Глава 14. Пиппа

Я проснулась с ощущением чего-то неправильного, непоправимого. Когда способность соображать вернулась, я поняла, что не так. Со мною не было Шорьки. Я настолько привыкла к тому, что он спит со мной, что, не обнаружив зверька на месте, испугалась. Сев рывком, я огляделась. Рыжий разбойник устроился на плече у Пончика и ел крошки с огромной ладони.

– Если вы его так кормить будете, дяденька Пончик, он себе пузо разожрет и уже прыгать не сможет.

– Хорошего зверя должно быть много, – заявил счастливый великан и погладил Шорьку пальцем.

Тот возмущенно заверещал, оторвавшись от еды. Шорёк не любил, когда его трогали. Но подлый предатель продался за булку.

– Нельзя потише? – пробурчал, накрываясь с головой, Дикий.
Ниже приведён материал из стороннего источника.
(* Let $\mathcal{E}_0=(E_0,\mathsf{Con}_0,\vdash_0)$ and $\mathcal{E}_1=(E_1,\mathsf{Con}_1,\vdash_1)$ be reversible event structures, and define $\mathcal{E}_0+\mathcal{E}_1=(E,\mathsf{Con},\vdash)$ as follows: - $E=\{(0,e)\mid e\in E_0\}\cup\{(1,e)\mid e\in E_1\}$, with injections $i_j:E_j\to E$, $i_j(e)=(j,e)$ for $j\in\{0,1\}$. - $X\in\mathsf{Con}$ iff $X=i_0(X_0)$ for some $X_0\in\mathsf{Con}_0$ or $X=i_1(X_1)$ for some $X_1\in\mathsf{Con}_1$. - $X\oslash Y\vdash(j,e)^*$ iff there are $X_j,Y_j\subseteq E_j$ with $X_j\oslash Y_j\vdash_j e^*$, $X=i_j(X_j)$, and $Y=i_j(Y_j)\cup(E\setminus i_j(E_j))$. Then $\mathcal{E}_0+\mathcal{E}_1$ is an RES, $i_0$ and $i_1$ are RES-morphisms, and $(\mathcal{E}_0+\mathcal{E}_1,i_0,i_1)$ is a coproduct of $\mathcal{E}_0$ and $\mathcal{E}_1$ in the category $\mathbf{RES}$.
   Context: **Notation.** For a set $E$, write $\underline{E}=\{\underline{e}\mid e\in E\}$ for a disjoint set of formal ''reversal'' copies. $e^*$ denotes either $e$ (performing $e$) or $\underline{e}$ (reversing $e$); $(j,e)^*$ is $(j,e)$ or $\underline{(j,e)}$ correspondingly. For a partial function $f$ and a set $X$, write $f(X)=\{f(x)\mid x\in X,\ f(x)\text{ defined}\}$. $\bot$ denotes undefined. Writing $f(e)^*$ means $f(e)$ if $e^*=e$ and $\underline{f(e)}$ if $e^*=\underline{e}$. **Reversible event structures.** A reversible event structure (RES) is a triple $(E,\mathsf{Con},\vdash)$ where: - $E$ is a set of events. - $\mathsf{Con}$ is a set of finite subsets of $E$, closed under subsets. - ${\vdash}\subseteq\mathsf{Con}\times 2^E\times(E\cup\underline{E})$ is the enabling relation. We write $X\oslash Y\vdash e^*$ for $(X,Y,e^* )\in{\vdash}$. - The following axioms hold: 1. If $X\oslash Y\vdash e^*$ then $(X\cup\{e\})\cap Y=\emptyset$. 2. If $X\oslash Y\vdash\underline{e}$ then $e\in X$. 3. If $X\oslash Y\vdash e^*$, $X\subseteq X'\in\mathsf{Con}$ and $X'\cap Y=\emptyset$, then $X'\oslash Y\vdash e^*$. **RES-morphisms.** An RES-morphism $f:(E_0,\mathsf{Con}_0,\vdash_0)\to(E_1,\mathsf{Con}_1,\vdash_1)$ is a partial function $f:E_0\rightharpoonup E_1$ such that: - whenever $f(e)\neq\bot$ and $X\oslash Y\vdash_0 e^*$, there exists $Y_1\subseteq E_1$ such that every $e_0\in E_0$ with $f(e_0)\in Y_1$ lies in $Y$, and $f(X)\oslash Y_1\vdash_1 f(e)^*$; - for every $X_0\in\mathsf{Con}_0$, $f(X_0)\in\mathsf{Con}_1$; - if $f(e)=f(e')\neq\bot$ and $e\neq e'$, then no $X\in\mathsf{Con}_0$ contains both $e$ and $e'$. $\mathbf{RES}$ is the category of RESs and RES-morphisms, with composition of partial functions. *)

From Stdlib Require Import List.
– Меня тут вообще уже нет, – заверила я и встала, потягиваясь затекшими конечностями. – Ты как знаешь, – обратилась я к шорьку, – а я на речку.

Я посмотрела на котомку и решила, что под присмотром Пончика и под носом у Дикого её можно оставить. Первые десять шагов мне дались с трудом. Шорька – мой. Он всегда был только мой, и я впервые в жизни испытала ревность. Думаю, это была она. Судя по тому, что о ней рассказывали другие. Но на одиннадцатом зверек отчаянно засвистел и скоро уже карабкался своими острыми коготками по моей спине. Он продолжал негодовать: хозяйка или булка – это очень сложный выбор. Но я радостно провела рукой по его шелковистой шерстке, чем вызвала еще больше свиста.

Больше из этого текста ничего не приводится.